Vier Punkte sprach der Vortragende an: das Problem des fehlenden Nachwuchses, die Öffentlichkeitsarbeit der Vereine, die Lokalfaunistik und die Naturschutzarbeit in der Region. Aspekte der Überlegungen waren u.a. ob wir zu viele Vorträge bieten? Oft wird über den Mangel an Vortragsthemen zu den Vereinsabenden geklagt. Dabei bieten FG Entomologie, ORION und der Käferstammtisch bis zu drei Vorträge monatlich. Vergleichbares findet man in keiner anderen Stadt! Leider spielt Entomologie allgemein weder in der Schule noch an den Universitäten Berlins eine nennenswerte Rolle. Allgemein-Kenntnisse fehlen, die Studenten befassen sich nur noch mit sehr speziellen Forschungen. Es gibt keinen Allround-Professor mehr, wie in früheren Jahren! Diese Entwicklung ist der Nachwuchsförderung abträglich. Dazu zitierte Manfred Gerstberger eine Resolution der Münchner Entomologischen Gesellschaft (siehe Anhang).

Zur Öffentlichkeitsarbeit: Die Gelegenheit der Präsentation der Vereine während der "Langen Nacht der Museen" wird wahrgenommen, in Publikationen des NABU war die FG vertreten, die "Märkischen Entomologischen Nachrichten" stellen eine gute Publikationsmöglichkeit für Entomologen Berlin-Brandenburgs dar, machen unsere Arbeit bekannt und im Internet sind beide Vereine präsent. Exkursionen stellen eine Möglichkeit dar Anschluss zu finden und vielleicht kommt doch hin und wieder ein junger Entomologe in einen der Vereine... Wünschenswert wären noch Aktionen im Ökowerk oder einem der Freilandlabore, z.B. Lichtfangabende.

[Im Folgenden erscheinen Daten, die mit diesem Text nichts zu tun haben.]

(* Let $d\ge3$ and $h\ge1$. The Hall $(d-1)$-subgroup of the sandpile group $G(d,h)$ is cyclic of order $(d-1)^h$.
   Context: Let $\mathcal{T}(d,h)$ be the rooted tree in which the root $0$ has $d$ children, every vertex at distance $1,\dots,h-1$ from the root has $d-1$ children, and the vertices at distance $h$ are leaves. Let $V$ be its vertex set, $A$ its adjacency matrix, $\Delta := dI-A$, and $\Lambda\subset\mathbb{Z}^V$ the lattice spanned by the rows of $\Delta$. Then $G(d,h):=\mathbb{Z}^V/\Lambda$. For a finite group $G$, a subgroup $H$ is a Hall subgroup if $\gcd(|H|,|G:H|)=1$; it is a Hall $t$-subgroup if moreover $|H|$ and $t$ have the same set of prime divisors. A finite abelian group has a unique Hall $t$-subgroup for each $t$ dividing its order (here the Hall $(d-1)$-subgroup is the product of the Sylow $p$-subgroups for primes $p\mid d-1$). *)

From mathcomp Require Import all_boot all_order all_algebra.
Set Implicit Arguments. Unset Strict Implicit. Unset Printing Implicit Defensive.
Import GRing.Theory Num.Theory.

(* ---------- The tree T(d,h) ----------
   A vertex is the path from the root, encoded as the sequence of child
   indices: the root is the empty sequence; the first entry is < d (the root
   has d children), later entries are < d-1 (other inner vertices have d-1
   children); the length (= depth) is at most h. *)
Definition raw_vertex (d h : nat) := {k : 'I_h.+1 & (nat_of_ord k).-tuple 'I_d}.

Definition rv_seq d h (x : raw_vertex d h) : seq nat :=
  map (@nat_of_ord d) (tval (tagged x)).

Definition is_vertex d h (x : raw_vertex d h) : bool :=
  all (fun i => (i < d.-1)%N) (behead (rv_seq x)).

Definition vertex d h := {x : raw_vertex d h | is_vertex x}.

Definition vseq d h (v : vertex d h) : seq nat := rv_seq (val v).

Definition is_child d h (u v : vertex d h) : bool :=
  (size (vseq v) == (size (vseq u)).+1) && (take (size (vseq u)) (vseq v) == vseq u).

Definition adjacent d h (u v : vertex d h) : bool := is_child u v || is_child v u.

Definition Delta d h (u v : vertex d h) : int :=
  (d%:Z * (u == v : nat)%:Z - (adjacent u v : nat)%:Z)%R.

(* ---------- The sandpile group G(d,h) = Z^V / Lambda ----------
   Elements of Z^V are functions V -> int; Lambda is the Z-span of the
   rows of Delta.  Two elements x, y of Z^V represent the same element of
   G(d,h) iff x - y lies in Lambda. *)
Definition in_lattice d h (x : vertex d h -> int) : Prop :=
  exists c : vertex d h -> int,
    forall w, x w = (\sum_(v : vertex d h) c v * Delta v w)%R.

(* [x] lies in the Hall t-subgroup of the finite abelian group G(d,h)
   (product of the Sylow p-subgroups, p | t): t^k [x] = 0 for some k. *)
Definition in_hall_subgroup d h (t : nat) (x : vertex d h -> int) : Prop :=
  exists k : nat, in_lattice (fun w => ((t ^ k)%N%:Z * x w)%R).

Nach Meinung des Vortragenden sollte lokalfaunistische Arbeit im Naturkundemuseum angesiedelt sein und dafür auch notwendige Planstellen geschaffen werden. Z.Z. befinden sich Käfer- und Schmetterlingssammlungen mit lokalfaunistischem Charakter im Aufbau, betreut durch den ORION. Andere Insektengruppen zu ergänzen wäre wünschenswert.

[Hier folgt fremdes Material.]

(* Let $s>0$ and let $f:[0,\infty)\to\mathbb R$ be twice differentiable with $\int_0^s (f'(u))^2du<\infty$. Let $\omega(\tau,x)$ be a solution of the heat equation $\omega_\tau=\frac12\omega_{xx}$; in particular, $\omega(\tau,x)=\frac1{2\pi}\int_{-\infty}^\infty \Pi(y)e^{-\frac12 y^2\tau+iyx}\,dy$ for an arbitrary function $\Pi$ for which this integral is well defined. Then $$w(t,a)=e^{\frac12\int_t^s (f'(u))^2du+af'(t)}\,\omega\Big(s-t,\;a+\int_t^s f'(u)\,du\Big)$$ is a solution of $$-w_t(t,a)+f''(t)\,a\,w(t,a)=\frac12 w_{aa}(t,a),\quad (t,a)\in[0,s)\times\mathbb R^+.$$ *)

From Stdlib Require Import Reals.
From Coquelicot Require Import Coquelicot.

(* For x in the
   interior of D this is the usual derivative; at a boundary point such
   as 0 for D = [0, +oo) it is the one-sided derivative. *)
Definition is_derive_within {V : NormedModule R_AbsRing}
  (D : R -> Prop) (g : R -> V) (x : R) (l : V) : Prop :=
  filterlim (fun y => scal (/ (y - x)) (minus (g y) (g x)))
    (within (fun y => D y /\ y <> x) (locally x)) (locally l).

Definition halfline (y : R) : Prop := 0 <= y.

Definition heat_solution (om : R -> R -> C) : Prop :=
  exists om_t om_x om_xx : R -> R -> C,
    forall tau x : R, 0 < tau ->
      is_derive (fun tau' => om tau' x) tau (om_t tau x) /\
      is_derive (fun x' => om tau x') x (om_x tau x) /\
      is_derive (fun x' => om_x tau x') x (om_xx tau x) /\
      continuous (fun p : R * R => om_t (fst p) (snd p)) (tau, x) /\
      continuous (fun p : R * R => om_x (fst p) (snd p)) (tau, x) /\
      om_t tau x = Cmult (RtoC (/ 2)) (om_xx tau x).

Definition w_of (f' : R -> R) (om : R -> R -> C) (s t a : R) : C :=
  Cmult (RtoC (exp (/ 2 * RInt (fun u => f' u ^ 2) t s + a * f' t)))
        (om (s - t) (a + RInt f' t s)).

(* By the chain rule, w_t involves om_tau and
   om_x, while w_aa involves om_x and om_xx; substituting om_tau = 1/2 om_xx, the terms in
   f'(t)^2 om and f'(t) om_x cancel and -w_t + f''(t) a w = 1/2 w_aa remains.  Since f' is
   only differentiable on [0, +oo), it is first continued to R by its tangent line at 0;
   the computation is done there with two-sided derivatives, and the one-sided
   derivative at t = 0 is recovered by restriction. *)

From Stdlib Require Import Reals Lra.
From Coquelicot Require Import Coquelicot.

Lemma is_derive_within_halfline_eps (g : R -> R) (x l : R) :
  is_derive_within halfline g x l ->
  forall eps, 0 < eps -> exists delta, 0 < delta /\
    forall y, Rabs (y - x) < delta -> 0 <= y -> y <> x ->
      Rabs ((g y - g x) / (y - x) - l) < eps.
Proof.
  intros Hg eps Heps.
  destruct (proj1 (filterlim_locally _ _) Hg (mkposreal eps Heps)) as [d Hd].
  exists d; split; [apply cond_pos|].
  intros y Hyx Hy Hneq.
  specialize (Hd y Hyx (conj Hy Hneq)).
  unfold Rdiv; rewrite Rmult_comm; exact Hd.
Qed.

Lemma is_derive_within_halfline_interior (g : R -> R) (x l : R) :
  0 < x -> is_derive_within halfline g x l -> is_derive g x l.
Proof.
  intros Hx Hg. apply is_derive_Reals. intros eps Heps.
  destruct (is_derive_within_halfline_eps g x l Hg eps Heps) as [d [Hd Hdiff]].
  exists (mkposreal (Rmin d x) (Rmin_pos _ _ Hd Hx)).
  intros h Hh Hhd; simpl in Hhd.
  replace h with (x + h - x) at 2 by ring.
  apply Hdiff; [| | lra].
  - replace (x + h - x) with h by ring. eapply Rlt_le_trans; [exact Hhd|apply Rmin_l].
  - apply Rabs_def2 in Hhd. pose proof (Rmin_r d x). lra.
Qed.

Definition extend_left (g : R -> R) (l : R) (y : R) : R :=
  if Rle_dec 0 y then g y else g 0 + l * y.

Lemma extend_left_eq (g : R -> R) (l y : R) : 0 <= y -> extend_left g l y = g y.
Proof. intros Hy; unfold extend_left; destruct (Rle_dec 0 y); [reflexivity|lra]. Qed.

Lemma is_derive_extend_left_0 (g : R -> R) (l : R) :
  is_derive_within halfline g 0 l -> is_derive (extend_left g l) 0 l.
Proof.
  intros Hg. apply is_derive_Reals. intros eps Heps.
  destruct (is_derive_within_halfline_eps g 0 l Hg eps Heps) as [d [Hd Hdiff]].
  exists (mkposreal d Hd). intros h Hh Hhd; simpl in Hhd.
  rewrite Rplus_0_l, (extend_left_eq g l 0) by lra.
  unfold extend_left; destruct (Rle_dec 0 h) as [H0|H0].
  - replace h with (h - 0) at 2 by ring.
    apply Hdiff; rewrite ?Rminus_0_r; [exact Hhd|exact H0|exact Hh].
  - replace ((g 0 + l * h - g 0) / h - l) with 0 by (field; exact Hh).
    rewrite Rabs_R0; exact Heps.
Qed.

Lemma is_derive_extend_left (g g' : R -> R) :
  (forall y, 0 <= y -> is_derive_within halfline g y (g' y)) ->
  forall y, is_derive (extend_left g (g' 0)) y (g' (Rmax 0 y)).
Proof.
  intros Hg y.
  destruct (Rtotal_order y 0) as [Hy|[->|Hy]].
  - rewrite Rmax_left by lra.
    apply (is_derive_ext_loc (fun z => g 0 + g' 0 * z)).
    + exists (mkposreal (- y) ltac:(lra)). intros z Hz.
      change (Rabs (z - y) < - y) in Hz. apply Rabs_def2 in Hz.
      unfold extend_left. destruct (Rle_dec 0 z); [lra|reflexivity].
    + auto_derive; [exact I|ring].
  - rewrite Rmax_left by lra. apply is_derive_extend_left_0, Hg; lra.
  - rewrite Rmax_right by lra.
    apply (is_derive_ext_loc g).
    + exists (mkposreal y Hy). intros z Hz.
      change (Rabs (z - y) < y) in Hz. apply Rabs_def2 in Hz. symmetry; apply extend_left_eq; lra.
    + apply is_derive_within_halfline_interior; [exact Hy|apply Hg; lra].
Qed.

Lemma is_derive_within_halfline_of_eq {V : NormedModule R_AbsRing} (h g : R -> V) (t : R) (l : V) :
  0 <= t -> (forall y, 0 <= y -> h y = g y) -> is_derive h t l ->
  is_derive_within halfline g t l.
Proof.
  intros Ht Hhg [_ Hh].
  apply filterlim_locally. intros eps.
  assert (Heps2 : 0 < eps / 2) by (destruct eps; simpl; lra).
  destruct (Hh t (fun P HP => HP) (mkposreal _ Heps2)) as [d Hd].
  exists d. intros y Hyt [Hy Hneq].
  specialize (Hd y Hyt); simpl in Hd.
  rewrite <- !Hhg by assumption.
  apply norm_compat1.
  assert (Hdist : 0 < Rabs (y - t)) by (apply Rabs_pos_lt; lra).
  apply Rle_lt_trans with
    (norm (scal (/ (y - t)) (minus (minus (h y) (h t)) (scal (minus y t) l)))).
  { right; f_equal; symmetry. set (M := NormedModule.ModuleSpace R_AbsRing V).
    rewrite (@scal_minus_distr_l _ M), (@scal_assoc _ M).
    change (mult (/ (y - t)) (minus y t)) with (/ (y - t) * (y - t)).
    rewrite Rinv_l by lra. now rewrite (@scal_one _ M). }
  eapply Rle_lt_trans; [apply (@norm_scal R_AbsRing V)|].
  change (abs (/ (y - t))) with (Rabs (/ (y - t))).
  change (norm (minus y t)) with (Rabs (y - t)) in Hd.
  rewrite Rabs_inv.
  apply Rle_lt_trans with (/ Rabs (y - t) * (eps / 2 * Rabs (y - t))).
  - apply Rmult_le_compat_l; [left; apply Rinv_0_lt_compat|]; assumption.
  - field_simplify; [destruct eps; simpl; lra|lra].
Qed.

Lemma is_derive_scal_fct {V : NormedModule R_AbsRing}
    (k : R -> R) (g : R -> V) (x dk : R) (dg : V) :
  is_derive k x dk -> is_derive g x dg ->
  is_derive (fun y => scal (k y) (g y)) x (plus (scal dk (g x)) (scal (k x) dg)).
Proof.
  intros Hk Hg. unfold is_derive.
  eapply filterdiff_ext_lin.
  - exact (@filterdiff_scal_fct R_AbsRing _ V x k g _ _ Rmult_comm Hk Hg).
  - intros y. rewrite scal_distr_l, !scal_assoc.
    change (mult y (k x)) with (y * k x). rewrite (Rmult_comm y (k x)).
    reflexivity.
Qed.

Lemma is_derive_fst (h : R -> C) (x : R) (l : C) :
  is_derive h x l -> is_derive (fun y => fst (h y)) x (fst l).
Proof.
  intros Hh. eapply filterdiff_ext_lin.
  - apply (filterdiff_comp' (U := R_NormedModule) (V := C_R_NormedModule) (W := R_NormedModule)
             h fst x _ fst Hh).
    apply filterdiff_linear, (@is_linear_fst R_AbsRing R_NormedModule R_NormedModule).
  - reflexivity.
Qed.

Lemma is_derive_snd (h : R -> C) (x : R) (l : C) :
  is_derive h x l -> is_derive (fun y => snd (h y)) x (snd l).
Proof.
  intros Hh. eapply filterdiff_ext_lin.
  - apply (filterdiff_comp' (U := R_NormedModule) (V := C_R_NormedModule) (W := R_NormedModule)
             h snd x _ snd Hh).
    apply filterdiff_linear, (@is_linear_snd R_AbsRing R_NormedModule R_NormedModule).
  - reflexivity.
Qed.

Lemma is_derive_pair (h1 h2 : R -> R) (x l1 l2 : R) :
  is_derive h1 x l1 -> is_derive h2 x l2 ->
  is_derive (V := C_R_NormedModule) (fun y => (h1 y, h2 y)) x (l1, l2).
Proof.
  intros H1 H2. eapply filterdiff_ext_lin.
  - apply (filterdiff_comp'_2 h1 h2 (fun a b => (a, b) : C) x _ _ (fun a b => (a, b) : C) H1 H2).
    apply filterdiff_linear.
    apply (is_linear_prod (K := R_AbsRing)
             (T := prod_NormedModule R_AbsRing R_NormedModule R_NormedModule)
             (U := R_NormedModule) (V := R_NormedModule));
      [apply is_linear_fst|apply is_linear_snd].
  - reflexivity.
Qed.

Zum Punkt Naturschutzarbeit zitierte der Vortragende ebenfalls die Münchner Entomologische Gesellschaft: "Man kann nur schützen, was man kennt". Die Bedingungen für entomologische Forschungen müssen besser werden, Genehmigungsverfahren einfacher und schneller! Hier sollte über den BFA Entomologie versucht werden, die in den einzelnen Bundesländern bzw. Kreisen sehr unterschiedliche Praxis zu vereinheitlichen. Die Zusammenarbeit von NABU-Strukturen, lokaler Entomologen und Naturschutzbehörden sollte gefördert werden. Heute ist die Erlangung einer Ausnahmegenehmigung oft sehr langwierig und schwierig. Diskussionsbeitrag von Klaus Dörbandt: Neues Personal und neue politische Vorgaben führen z.Z. im Land Brandenburg zu unmöglichen Verfahren. Man wartet lange Zeit um dann lange Schreiben zu erhalten in denen nichts von dem Beantragten genehmigt wird.

Carsten Anderssohn hat seinen Antrag im Januar 2004 gestellt, bisher ohne Erfolg...

Letztes Thema des Abends war eine Diskussion über die Nutzung des Internets für Publikationen und Neubeschreibungen. Hier entspann sich eine kurze Diskussion über das für und wider und über die Möglichkeiten, die man hat.

Die Sitzung endete gegen 20.30 Uhr, der gesellige Teil folgte wie immer im Lokal "Derya".